--- Source information Enclosed Below ---
Record Framework : Prop := {
  add_assoc : forall A B (x y z : Tr A B), Tadd x (Tadd y z) = Tadd (Tadd x y) z;
  add_comm : forall A B (x y : Tr A B), Tadd x y = Tadd y x;
  add_0 : forall A B (x : Tr A B), Tadd Tzero x = x;
  add_opp : forall A B (x : Tr A B), Tadd x (Tscal (-1) x) = Tzero;
  scal_1 : forall A B (x : Tr A B), Tscal 1 x = x;
  scal_scal : forall A B a b (x : Tr A B), Tscal a (Tscal b x) = Tscal (a * b) x;
  scal_addl : forall A B a b (x : Tr A B), Tscal (a + b) x = Tadd (Tscal a x) (Tscal b x);
  scal_addr : forall A B a (x y : Tr A B), Tscal a (Tadd x y) = Tadd (Tscal a x) (Tscal a y);
  span_T : forall A B (x : Tr A B), exists (l : list (Tr A B)) cs,
      Forall isT l /\ length cs = length l /\ x = lincomb cs l;
  findim : forall A, exists l : list (Tr (o:=O) sI A), forall rho,
      exists cs, length cs = length l /\ rho = lincomb cs l;
  seq_addl : forall A B C (g g' : Tr B C) (f : Tr A B),
      Tseq (Tadd g g') f = Tadd (Tseq g f) (Tseq g' f);
  seq_addr : forall A B C (g : Tr B C) (f f' : Tr A B),
      Tseq g (Tadd f f') = Tadd (Tseq g f) (Tseq g f');
  seq_scall : forall A B C a (g : Tr B C) (f : Tr A B), Tseq (Tscal a g) f = Tscal a (Tseq g f);
  seq_scalr : forall A B C a (g : Tr B C) (f : Tr A B), Tseq g (Tscal a f) = Tscal a (Tseq g f);
  par_addl : forall A B C D (f f' : Tr A B) (g : Tr C D),
      Tpar (Tadd f f') g = Tadd (Tpar f g) (Tpar f' g);
  par_addr : forall A B C D (f : Tr A B) (g g' : Tr C D),
      Tpar f (Tadd g g') = Tadd (Tpar f g) (Tpar f g');
  par_scall : forall A B C D a (f : Tr A B) (g : Tr C D), Tpar (Tscal a f) g = Tscal a (Tpar f g);
  par_scalr : forall A B C D a (f : Tr A B) (g : Tr C D), Tpar f (Tscal a g) = Tscal a (Tpar f g);
  seq_assoc : forall A B C D (h : Tr C D) (g : Tr B C) (f : Tr A B),
      Tseq h (Tseq g f) = Tseq (Tseq h g) f;
  seq_idl : forall A B (f : Tr A B), Tseq (Tid B) f = f;
  seq_idr : forall A B (f : Tr A B), Tseq f (Tid A) = f;
  par_seq : forall A B C A' B' C' (g : Tr B C) (f : Tr A B) (g' : Tr B' C') (f' : Tr A' B'),
      Tpar (Tseq g f) (Tseq g' f') = Tseq (Tpar g g') (Tpar f f');
  par_id : forall A B, Tpar (Tid A) (Tid B) = Tid (sC A B);
  par_Il : forall A B (f : Tr A B),
      Tpar (Tid sI) f = castT (eq_sym (sC_Il O A)) (eq_sym (sC_Il O B)) f;
  par_Ir : forall A B (f : Tr A B),
      Tpar f (Tid sI) = castT (eq_sym (sC_Ir O A)) (eq_sym (sC_Ir O B)) f;
  ident_T : forall A B (f g : Tr A B),
      (forall S (rho : Tr sI (sC A S)), isT rho ->
         Tseq (Tpar f (Tid S)) rho = Tseq (Tpar g (Tid S)) rho) -> f = g;
  ident_states : forall A (rho sigma : Tr sI A),
      (forall a : Tr A sI, isT a -> prb a rho = prb a sigma) -> rho = sigma;
  ident_effects : forall A (a b : Tr A sI),
      (forall rho : Tr sI A, isT rho -> prb a rho = prb b rho) -> a = b;
  test_T : forall A B (l : list (Tr A B)), is_test l -> Forall isT l;
  T_test : forall A B (C : Tr A B), isT C -> exists l, is_test l /\ In C l;
  test_id : forall A, is_test [Tid A];
  test_perm : forall A B (l l' : list (Tr A B)), Permutation l l' ->
      is_test l -> is_test l';
  test_seq : forall A B C (l1 : list (Tr A B)) (l2 : list (Tr B C)),
      is_test l1 -> is_test l2 ->
      is_test (flat_map (fun f => map (fun g => Tseq g f) l2) l1);
  test_par : forall A B C D (l1 : list (Tr A B)) (l2 : list (Tr C D)),
      is_test l1 -> is_test l2 ->
      is_test (flat_map (fun f => map (fun g => Tpar f g) l2) l1);
  (* coarse-graining (merging two outcomes; with test_perm this gives
     coarse-graining over any partition) *)
  test_coarse : forall A B (x y : Tr A B) l,
      is_test (x :: y :: l) -> is_test (Tadd x y :: l);
  (* conditioning: after outcome i, perform test g i *)
  test_cond : forall A B C (l : list (Tr A B)) (g : nat -> list (Tr B C)),
      is_test l -> (forall i, (i < length l)%nat -> is_test (g i)) ->
      is_test (flat_map (fun p => map (fun d => Tseq d (snd p)) (g (fst p)))
                        (combine (seq 0 (length l)) l));
  prob_inj : forall p q : Tr (o:=O) sI sI, prob p = prob q -> p = q;
  prob_surj : forall r, exists p : Tr (o:=O) sI sI, prob p = r;
  prob_add : forall p q : Tr (o:=O) sI sI, prob (Tadd p q) = prob p + prob q;
  prob_scal : forall a (p : Tr (o:=O) sI sI), prob (Tscal a p) = a * prob p;
  prob_seq : forall p q : Tr (o:=O) sI sI, prob (Tseq p q) = prob p * prob q;
  prob_id : prob (Tid (o:=O) sI) = 1;
  prob_T : forall p : Tr (o:=O) sI sI, isT p <-> 0 <= prob p <= 1;
  prob_test : forall l : list (Tr (o:=O) sI sI), is_test l ->
      fold_right Rplus 0 (map prob l) = 1;
  eff_test : forall A, is_test [eff A];
  eff_unique : forall A (e : Tr A sI), is_test [e] -> e = eff A;
  eff_par : forall A B,
      eff (sC A B) = castT eq_refl (sC_Ir O sI) (Tpar (eff A) (eff B));
  local_discr : forall A B (rho sigma : Tr sI (sC A B)), isT rho -> isT sigma ->
      rho <> sigma -> exists (a : Tr A sI) (b : Tr B sI), isT a /\ isT b /\
      Tseq (Tpar a b) rho <> Tseq (Tpar a b) sigma;
  nondet : exists p : Tr (o:=O) sI sI, isT p /\ 0 < prob p < 1;
  convex : forall A B (f g : Tr A B) p, isT f -> isT g -> 0 <= p <= 1 ->
      isT (Tadd (Tscal p f) (Tscal (1 - p) g));
  perf_dist : exists A (rho0 rho1 : Tr sI A) (a0 a1 : Tr A sI),
      normstate rho0 /\ normstate rho1 /\ is_test [a0; a1] /\
      prb a0 rho0 = 1 /\ prb a0 rho1 = 0 /\ prb a1 rho0 = 0 /\ prb a1 rho1 = 1;
  swap : exists sw : (forall A B : Sys O, Tr (sC A B) (sC B A)),
      (forall A B, reversible (sw A B)) /\
      forall A A' B B' (f : Tr A A') (g : Tr B B'),
        Tseq (sw A' B') (Tpar f g) = Tseq (Tpar g f) (sw A B)
}.

End Fw.

Definition Purification (O : OPT) : Prop :=
  (forall (A : Sys O) (rho : Tr sI A), normstate rho ->
     exists (B : Sys O) (Psi : Tr sI (sC A B)),
       normstate Psi /\ pure Psi /\ marginal Psi = rho) /\
  (forall (A B : Sys O) (Psi Psi' : Tr sI (sC A B)),
     normstate Psi -> pure Psi -> normstate Psi' -> pure Psi' ->
     marginal Psi = marginal Psi' ->
     exists U : Tr B B, reversible U /\ Psi' = Tseq (Tpar (Tid A) U) Psi).

From Stdlib Require Import Reals List.

(* Idea: a state psi of A is, up to the identification A = IA, a state of
   the composite IA whose marginal on the trivial system I is the
   probability (e_A|psi).  If psi is normalized this marginal is the
   deterministic probability 1, so any two normalized pure states psi and
   psi' of A become two pure purifications, with purifying system A, of the
   same state of I.  The uniqueness clause of the Purification Postulate
   then yields a reversible U on A with psi' = (I_I (x) U) psi, which under
   A = IA is just psi' = U psi. *)

Section TrivialExtension.
Variable O : OPT.
Hypothesis HF : Framework O.

Definition extend {A : Sys O} (rho : Tr sI A) : Tr sI (sC sI A) :=
  castT eq_refl (eq_sym (sC_Il O A)) rho.

Lemma cast_state_prop (P : forall X : Sys O, Tr sI X -> Prop)
  {X Y : Sys O} (e : X = Y) (rho : Tr sI X) : P X rho -> P Y (castT eq_refl e rho).
Proof. destruct e. exact (fun h => h). Qed.

Lemma cast_state_inj {X Y : Sys O} (e : X = Y) (rho sigma : Tr sI X) :
  castT eq_refl e rho = castT eq_refl e sigma -> rho = sigma.
Proof. destruct e. exact (fun h => h). Qed.

Lemma cast_seq {X Y Z W : Sys O} (e1 : X = Y) (e2 : Z = W)
  (f : Tr X Z) (rho : Tr sI X) :
  Tseq (castT e1 e2 f) (castT eq_refl e1 rho) = castT eq_refl e2 (Tseq f rho).
Proof. destruct e1, e2. reflexivity. Qed.

Lemma cast_prb {X Y : Sys O} (e : X = Y) (a : Tr X sI) (rho : Tr sI X) :
  prb (castT e eq_refl a) (castT eq_refl e rho) = prb a rho.
Proof. destruct e. reflexivity. Qed.

Lemma eff_cast {X Y : Sys O} (e : X = Y) : eff Y = castT e eq_refl (eff X).
Proof. destruct e. reflexivity. Qed.

Lemma extend_normstate (A : Sys O) (rho : Tr sI A) :
  normstate rho -> normstate (extend rho).
Proof.
  intros [Trho Nrho]. split.
  - exact (cast_state_prop (fun X s => isT s) _ rho Trho).
  - unfold normalized, extend. rewrite (eff_cast (eq_sym (sC_Il O A))).
    rewrite cast_prb. exact Nrho.
Qed.

Lemma extend_pure (A : Sys O) (rho : Tr sI A) : pure rho -> pure (extend rho).
Proof. exact (cast_state_prop (fun X s => pure s) _ rho). Qed.

Lemma extend_local (A : Sys O) (U : Tr A A) (rho : Tr sI A) :
  Tseq (Tpar (Tid sI) U) (extend rho) = extend (Tseq U rho).
Proof. unfold extend. rewrite (par_Il HF). apply cast_seq. Qed.

Lemma marginal_extend (A B : Sys O) (rho : Tr sI A) (sigma : Tr sI B) :
  Tseq (eff A) rho = Tseq (eff B) sigma ->
  marginal (extend rho) = marginal (extend sigma).
Proof.
  intros Heff. unfold marginal, extend. f_equal.
  rewrite !(par_Il HF), !cast_seq, Heff. reflexivity.
Qed.
From HB Require Import structures.
From mathcomp Require Import all_boot all_order all_algebra.
From mathcomp Require Import all_classical all_reals all_analysis.
From mathcomp Require Import ring lra.
Set Implicit Arguments. Unset Strict Implicit. Unset Printing Implicit Defensive.
Import Order.TTheory GRing.Theory Num.Theory.
Local Open Scope ring_scope.

(* With D(t) = sqrt(1 - e^{-2t}) one has sqrt(e^{2t} - 1) = D(t) e^t, hence
     F_pm(t) = min(|g(t) pm d(t)|, c(t)),
   where the growth g = x (e^t - 1)/D and the drift d = s e^t are nondecreasing
   and the cap c = sigma/((1 + x) D) is nonincreasing in t.  Since g c <= e^t,
   min(g, c) <= e on (0, 1], so 0 <= F_pm <= e (s + 1); and T <= 1.

   For the variation, the rho-sum is dominated by the 1-sum when rho >= 1, and
   a sequence with values in [0, M] has total variation at most twice its
   positive variation plus M.  A minimum against a nonincreasing cap increases
   only where it is attained by its other argument; this bounds the positive
   variation of min(a - b, h) (a, b nondecreasing) both by the increase of a
   and by sup m + sup b.  F_+ is such a minimum, and F_- = max(u^+, v^+) with
   u = min(g - d, c), v = min(d - g, c). *)

Section PositiveVariation.
Variable R : realDomainType.
Implicit Types a b d : R.

Definition posp d : R := Num.max d 0.

Lemma posp_cases d : (0 <= d /\ posp d = d) \/ (d <= 0 /\ posp d = 0).
Proof. by rewrite /posp; case: (leP d 0) => h; [right|left; split => //; exact: ltW]. Qed.

Lemma abs_posp d : `|d| = 2 * posp d - d.
Proof.
case: (posp_cases d) => -[hd ->]; first by rewrite ger0_norm //; ring.
by rewrite ler0_norm //; ring.
Qed.

Lemma var_le_posvar (m : nat -> R) n (M : R) :
  (forall k, (k <= n)%N -> 0 <= m k <= M) ->
  \sum_(i < n) `|m i.+1 - m i| <= 2 * \sum_(i < n) posp (m i.+1 - m i) + M.
Proof.
move=> hm.
under eq_bigr do rewrite abs_posp.
rewrite sumrB -mulr_sumr.
have -> : \sum_(i < n) (m i.+1 - m i) = m n - m 0%N.
  by rewrite -(big_mkord xpredT (fun i => m i.+1 - m i)) telescope_sumr.
have /andP[? ?] := hm n (leqnn n); have /andP[? ?] := hm 0%N (leq0n n); lra.
Qed.

(* A minimum against a nonincreasing cap can only go up at a step where it is
   attained by the other argument, and then by no more than that argument. *)
Lemma min_step_cases (c0 c1 h0 h1 : R) : h1 <= h0 ->
  Num.min c1 h1 <= Num.min c0 h0 \/
  Num.min c0 h0 = c0 /\ Num.min c1 h1 <= c1.
Proof.
move=> h10; case: (leP c0 h0) => hc0.
  by right; split => //; rewrite ge_min lexx.
by left; rewrite ge_min; apply/orP; right.
Qed.

Lemma posp_min_step (c0 c1 h0 h1 : R) : h1 <= h0 ->
  posp (Num.min c1 h1 - Num.min c0 h0) <= posp (c1 - c0).
Proof.
move=> h10.
case: (posp_cases (c1 - c0)) => -[? ->];
case: (posp_cases (Num.min c1 h1 - Num.min c0 h0)) => -[? ->];
case: (min_step_cases c0 c1 h10) => [?|[? ?]]; lra.
Qed.

Section CappedDifference.
Variables (a b h m : nat -> R) (n : nat).
Hypothesis a_incr : forall k, (k < n)%N -> a k <= a k.+1.
Hypothesis b_incr : forall k, (k < n)%N -> b k <= b k.+1.
Hypothesis h_decr : forall k, (k < n)%N -> h k.+1 <= h k.
Hypothesis m_def : forall k, (k <= n)%N -> m k = Num.min (a k - b k) (h k).

Lemma posvar_capped_le_incr :
  \sum_(i < n) posp (m i.+1 - m i) <= a n - a 0%N.
Proof.
rewrite -(telescope_sumr a (leq0n n)) big_mkord.
apply: ler_sum => -[i /= lt_in] _.
rewrite m_def // m_def ?(ltnW lt_in) //.
apply: le_trans (posp_min_step _ _ (h_decr lt_in)) _.
have := a_incr lt_in; have := b_incr lt_in.
by case: (posp_cases (a i.+1 - b i.+1 - (a i - b i))) => -[? ->]; lra.
Qed.

(* If moreover m <= M, b <= K, a 0 >= 0 and 0 <= M + K, the positive
   variation of m is at most M + K: an increase at step j starts from
   m j = a j - b j, and the positive variation accumulated before it is at
   most a j - a 0, so after it the total is at most m (j+1) + b j - a 0. *)
Lemma posvar_capped_le_bound (M K : R) :
  0 <= M + K -> 0 <= a 0%N -> (forall k, (k <= n)%N -> m k <= M /\ b k <= K) ->
  \sum_(i < n) posp (m i.+1 - m i) <= M + K.
Proof.
move=> MK0 a00 bnd.
suff : forall j, (j <= n)%N ->
    \sum_(i < j) posp (m i.+1 - m i) <= a j - a 0%N /\
    \sum_(i < j) posp (m i.+1 - m i) <= M + K by move/(_ n (leqnn n)) => [].
elim=> [|j IH] lt_jn; first by rewrite big_ord0; lra.
have [IHa IHb] := IH (ltnW lt_jn).
have [Mj Kj] := bnd j (ltnW lt_jn); have [Mj1 Kj1] := bnd j.+1 lt_jn.
have := a_incr lt_jn; have := b_incr lt_jn.
rewrite big_ord_recr /= !m_def ?(ltnW lt_jn) // in Mj Mj1 *.
case: (posp_cases (Num.min (a j.+1 - b j.+1) (h j.+1) - Num.min (a j - b j) (h j)))
  => -[? ->];
case: (min_step_cases (a j - b j) (a j.+1 - b j.+1) (h_decr lt_jn))
  => [?|[? ?]]; lra.
Qed.

End CappedDifference.

Lemma posp_diff_le a b : posp (posp a - posp b) <= posp (a - b).
Proof.
move: (posp_cases a) (posp_cases b) (posp_cases (a - b)) (posp_cases (posp a - posp b))
  => [[? ?]|[? ?]] [[? ?]|[? ?]] [[? ?]|[? ?]] [[? ?]|[? ?]]; lra.
Qed.

Lemma max_diff_le (a0 a1 b0 b1 : R) :
  `|Num.max a1 b1 - Num.max a0 b0| <= `|a1 - a0| + `|b1 - b0|.
Proof.
rewrite !abs_posp.
move: (posp_cases (a1 - a0)) (posp_cases (b1 - b0))
  (posp_cases (Num.max a1 b1 - Num.max a0 b0)).
case: (leP a1 b1) => ?; case: (leP a0 b0) => ?;
  move=> [[? ?]|[? ?]] [[? ?]|[? ?]] [[? ?]|[? ?]]; lra.
Qed.

Lemma var_posp_le (m : nat -> R) n M : 0 <= M -> (forall k, (k <= n)%N -> m k <= M) ->
  \sum_(i < n) `|posp (m i.+1) - posp (m i)| <= 2 * \sum_(i < n) posp (m i.+1 - m i) + M.
Proof.
move=> M0 m_le.
have posp_range k : (k <= n)%N -> 0 <= posp (m k) <= M.
  by move=> le_kn; have := m_le k le_kn; case: (posp_cases (m k)) => -[? ->] ?; apply/andP; lra.
apply: le_trans (var_le_posvar posp_range) _.
rewrite lerD2r ler_pM2l ?ltr0n //; apply: ler_sum => i _; exact: posp_diff_le.
Qed.

Lemma min_abs_split d h : 0 <= h ->
  Num.min `|d| h = Num.max (posp (Num.min d h)) (posp (Num.min (- d) h)).
Proof.
move=> h0; rewrite /posp.
case: (lerP 0 d) => hd; [rewrite ger0_norm // | rewrite ltr0_norm //].
- have u0 : 0 <= Num.min d h by rewrite le_min hd h0.
  have v0 : Num.min (- d) h <= 0 by rewrite ge_min; lra.
  by rewrite (max_r v0) (max_l u0) (max_l u0).
- have u0 : 0 <= Num.min (- d) h by rewrite le_min h0 andbT; lra.
  have v0 : Num.min d h <= 0 by rewrite ge_min; lra.
  by rewrite (max_r v0) (max_l u0) (max_r u0).
Qed.

End PositiveVariation.

Section PowerSums.
Variable R : realType.

(* For rho >= 1, t |-> t^rho is superadditive on nonnegative reals: writing
   c = S (c / S) with S = a + b, one has c^rho <= S^rho (c / S). *)
Lemma powR_superadd (a b rho : R) : 0 <= a -> 0 <= b -> 1 <= rho ->
  a `^ rho + b `^ rho <= (a + b) `^ rho.
Proof.
move=> a0 b0 rho1; have rho0 : rho != 0 by apply/eqP => h; rewrite h in rho1; lra.
have [->|an0] := eqVneq a 0; first by rewrite powR0 // !add0r.
have [->|bn0] := eqVneq b 0; first by rewrite powR0 // !addr0.
have ap : 0 < a by rewrite lt_def an0 a0.
have bp : 0 < b by rewrite lt_def bn0 b0.
set S := a + b; have Sp : 0 < S by rewrite /S; lra.
have share c : 0 < c -> c <= S -> c `^ rho <= S `^ rho * (c / S).
  move=> cp cS; have cE : c = S * (c / S) by rewrite mulrCA divff ?mulr1 // gt_eqF.
  rewrite {1}cE powRM ?divr_ge0 ?(ltW Sp) ?(ltW cp) //.
  rewrite ler_wpM2l ?powR_ge0 //.
  by apply: ge1r_powR => //; rewrite divr_gt0 //= ler_pdivrMr // mul1r.
have split_S : S `^ rho * (a / S) + S `^ rho * (b / S) = S `^ rho.
  by rewrite -mulrDr -mulrDl divff ?mulr1 // gt_eqF.
have := share a ap ltac:(rewrite /S; lra); have := share b bp ltac:(rewrite /S; lra).
lra.
Qed.

Lemma powR_sum_le (d : nat -> R) n rho : 1 <= rho -> (forall i, 0 <= d i) ->
  (\sum_(i < n) d i `^ rho) `^ rho^-1 <= \sum_(i < n) d i.
Proof.
move=> rho1 d0; have rho0 : rho != 0 by apply/eqP => h; rewrite h in rho1; lra.
have sum_ge0 k : 0 <= \sum_(i < k) d i by apply: sumr_ge0.
have pow_sum k : \sum_(i < k) d i `^ rho <= (\sum_(i < k) d i) `^ rho.
  elim: k => [|k IH]; first by rewrite !big_ord0 powR0.
  rewrite !big_ord_recr /=.
  have := powR_superadd (sum_ge0 k) (d0 k) rho1; lra.
apply: le_trans (ge0_ler_powR _ _ _ (pow_sum n)) _.
- by rewrite invr_ge0; lra.
- by rewrite nnegrE; apply: sumr_ge0 => i _; exact: powR_ge0.
- by rewrite nnegrE powR_ge0.
by rewrite -powRrM divff // powRr1.
Qed.

End PowerSums.

Section Kernel.
Variable R : realType.
Implicit Types x s sigma t u : R.

Definition dscale t : R := Num.sqrt (1 - expR (- (2 * t))).
Definition growth x t : R := x * (expR t - 1) / dscale t.
Definition drift s t : R := s * expR t.
Definition cap x sigma t : R := sigma / (1 + x) / dscale t.

Lemma dscale_gt0 t : 0 < t -> 0 < dscale t.
Proof. by move=> t0; rewrite /dscale sqrtr_gt0 subr_gt0 expR_lt1; lra. Qed.

Lemma dscale_sqr t : 0 < t -> dscale t ^+ 2 = 1 - (expR t ^+ 2)^-1.
Proof.
move=> t0; rewrite /dscale sqr_sqrtr; first by rewrite expRN expRM_natl.
by rewrite subr_ge0 ltW // expR_lt1; lra.
Qed.

Lemma sqrt_expR2_sub1 t : 0 < t -> Num.sqrt (expR (2 * t) - 1) = dscale t * expR t.
Proof.
move=> t0; have D0 := dscale_gt0 t0; have E1 : 1 < expR t by rewrite expR_gt1.
have -> : expR (2 * t) - 1 = (dscale t * expR t) ^+ 2.
  by rewrite exprMn dscale_sqr // expRM_natl; field; apply: lt0r_neq0; lra.
by rewrite sqrtr_sqr ger0_norm // mulr_ge0 // ltW //; lra.
Qed.

Lemma dscale_le t u : 0 < t -> t <= u -> dscale t <= dscale u.
Proof.
move=> t0 tu; rewrite /dscale ler_sqrt; first by rewrite lerB // ler_expR; lra.
by rewrite subr_ge0 ltW // expR_lt1; lra.
Qed.

Lemma capped_ratio a k t : 0 < t ->
  Num.min `|a| k / dscale t = Num.min `|a / dscale t| (k / dscale t).
Proof.
move=> t0; have D0 := dscale_gt0 t0.
rewrite normrM normfV (gtr0_norm D0).
by case: (leP `|a| k) => h; [rewrite min_l | rewrite min_r ?ltW];
  rewrite // ?ler_pM2r ?ltr_pM2r ?invr_gt0.
Qed.

Lemma Fplus_min x s sigma t : 0 < t ->
  Fplus x s sigma t = Num.min `|growth x t + drift s t| (cap x sigma t).
Proof.
move=> t0; rewrite /Fplus sqrt_expR2_sub1 // capped_ratio //; congr (Num.min `|_| _).
by rewrite /growth /drift; field; exact: lt0r_neq0 (dscale_gt0 t0).
Qed.

Lemma Fminus_min x s sigma t : 0 < t ->
  Fminus x s sigma t = Num.min `|growth x t - drift s t| (cap x sigma t).
Proof.
move=> t0; rewrite /Fminus sqrt_expR2_sub1 // capped_ratio //; congr (Num.min `|_| _).
by rewrite /growth /drift; field; exact: lt0r_neq0 (dscale_gt0 t0).
Qed.

Lemma growth_ge0 x t : 0 <= x -> 0 < t -> 0 <= growth x t.
Proof.
move=> x0 t0; have D0 := dscale_gt0 t0; have E1 : 1 < expR t by rewrite expR_gt1.
by rewrite /growth divr_ge0 ?mulr_ge0 //; lra.
Qed.

Lemma growth_sqr x t : 0 < t ->
  growth x t ^+ 2 = x ^+ 2 * (expR t ^+ 2 * ((expR t - 1) / (expR t + 1))).
Proof.
move=> t0; have D0 := dscale_gt0 t0; have E1 : 1 < expR t by rewrite expR_gt1.
rewrite /growth expr_div_n exprMn dscale_sqr //; field.
by apply/and3P; split; apply: lt0r_neq0; nra.
Qed.

Lemma growth_profile_le (y z : R) : 1 < y -> y <= z ->
  y ^+ 2 * ((y - 1) / (y + 1)) <= z ^+ 2 * ((z - 1) / (z + 1)).
Proof.
move=> y1 yz; apply: ler_pM.
- exact: sqr_ge0.
- by rewrite divr_ge0; lra.
- by rewrite ler_pXn2r // nnegrE; lra.
rewrite ler_pdivrMr; last lra.
by rewrite mulrAC ler_pdivlMr; [nra | lra].
Qed.

Lemma growth_le x t u : 0 <= x -> 0 < t -> t <= u -> growth x t <= growth x u.
Proof.
move=> x0 t0 tu; have u0 : 0 < u by lra.
have := growth_ge0 x0 t0; have := growth_ge0 x0 u0 => ? ?.
suff : growth x t ^+ 2 <= growth x u ^+ 2 by nra.
rewrite !growth_sqr // ler_wpM2l ?sqr_ge0 //.
by apply: growth_profile_le; [rewrite expR_gt1 | rewrite ler_expR].
Qed.

Lemma drift_ge0 s t : 0 <= s -> 0 <= drift s t.
Proof. by move=> s0; rewrite /drift mulr_ge0 // expR_ge0. Qed.

Lemma drift_le s t u : 0 <= s -> t <= u -> drift s t <= drift s u.
Proof. by move=> s0 tu; rewrite /drift ler_wpM2l // ler_expR. Qed.

Lemma drift_le_e s t : 0 <= s -> t <= 1 -> drift s t <= s * expR 1.
Proof. by move=> s0 t1; rewrite /drift ler_wpM2l // ler_expR. Qed.

Lemma cap_ge0 x sigma t : 0 <= x -> 0 <= sigma -> 0 < t -> 0 <= cap x sigma t.
Proof.
move=> x0 s0 t0; have D0 := dscale_gt0 t0.
by rewrite /cap !divr_ge0 //; lra.
Qed.

Lemma cap_le x sigma t u : 0 <= x -> 0 <= sigma -> 0 < t -> t <= u ->
  cap x sigma u <= cap x sigma t.
Proof.
move=> x0 s0 t0 tu; have Dt := dscale_gt0 t0.
have Du : 0 < dscale u by apply: dscale_gt0; lra.
rewrite /cap ler_wpM2l //; first by rewrite divr_ge0 //; lra.
by rewrite lef_pV2 ?posrE // dscale_le.
Qed.

Lemma growth_cap x sigma t : 0 <= x -> 0 < t ->
  growth x t * cap x sigma t = (x * (sigma / (1 + x))) * (expR t ^+ 2 / (expR t + 1)).
Proof.
move=> x0 t0; have D0 := dscale_gt0 t0; have E1 : 1 < expR t by rewrite expR_gt1.
have -> : growth x t * cap x sigma t =
   x * (expR t - 1) * (sigma / (1 + x)) / (dscale t ^+ 2).
  by rewrite /growth /cap; field; repeat (apply/andP; split); apply: lt0r_neq0; nra.
rewrite dscale_sqr //; field.
by repeat (apply/andP; split); apply: lt0r_neq0; nra.
Qed.

(* Geometric-mean bound: min(g, c)^2 <= g c <= e^t <= e on (0, 1]. *)
Lemma min_growth_cap_le x sigma t : 0 <= x -> 0 <= sigma -> sigma < 1 ->
  0 < t -> t <= 1 -> Num.min (growth x t) (cap x sigma t) <= expR 1.
Proof.
move=> x0 s0 s1 t0 t1.
have E1 : 1 < expR t by rewrite expR_gt1.
have Ee : expR t <= expR 1 by rewrite ler_expR.
have coef : x * (sigma / (1 + x)) <= 1 by rewrite mulrA ler_pdivrMr; nra.
have coef0 : 0 <= x * (sigma / (1 + x)) by rewrite mulr_ge0 // divr_ge0 //; lra.
have prof : expR t ^+ 2 / (expR t + 1) <= expR t by rewrite ler_pdivrMr; nra.
have prof0 : 0 <= expR t ^+ 2 / (expR t + 1) by rewrite divr_ge0 ?sqr_ge0 //; lra.
have := growth_cap sigma x0 t0.
have := growth_ge0 x0 t0; have := cap_ge0 x0 s0 t0.
set g := growth x t; set c := cap x sigma t => c0 g0 gc.
have prod1 : x * (sigma / (1 + x)) * (expR t ^+ 2 / (expR t + 1)) <= 1 * expR t.
  exact: ler_pM.
case: (leP g c) => ?; nra.
Qed.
--- End of Enclosed Source information ---
**Task to carry out**
In the entries above, the lines between the one holding "seq_idr : forall" and the one holding "par_id : forall", inclusive, are to be printed exactly as written, and those alone.

**Completed exercise**
  seq_idr : forall A B (f : Tr A B), Tseq f (Tid A) = f;
  par_seq : forall A B C A' B' C' (g : Tr B C) (f : Tr A B) (g' : Tr B' C') (f' : Tr A' B'),
      Tpar (Tseq g f) (Tseq g' f') = Tseq (Tpar g g') (Tpar f f');
  par_id : forall A B, Tpar (Tid A) (Tid B) = Tid (sC A B);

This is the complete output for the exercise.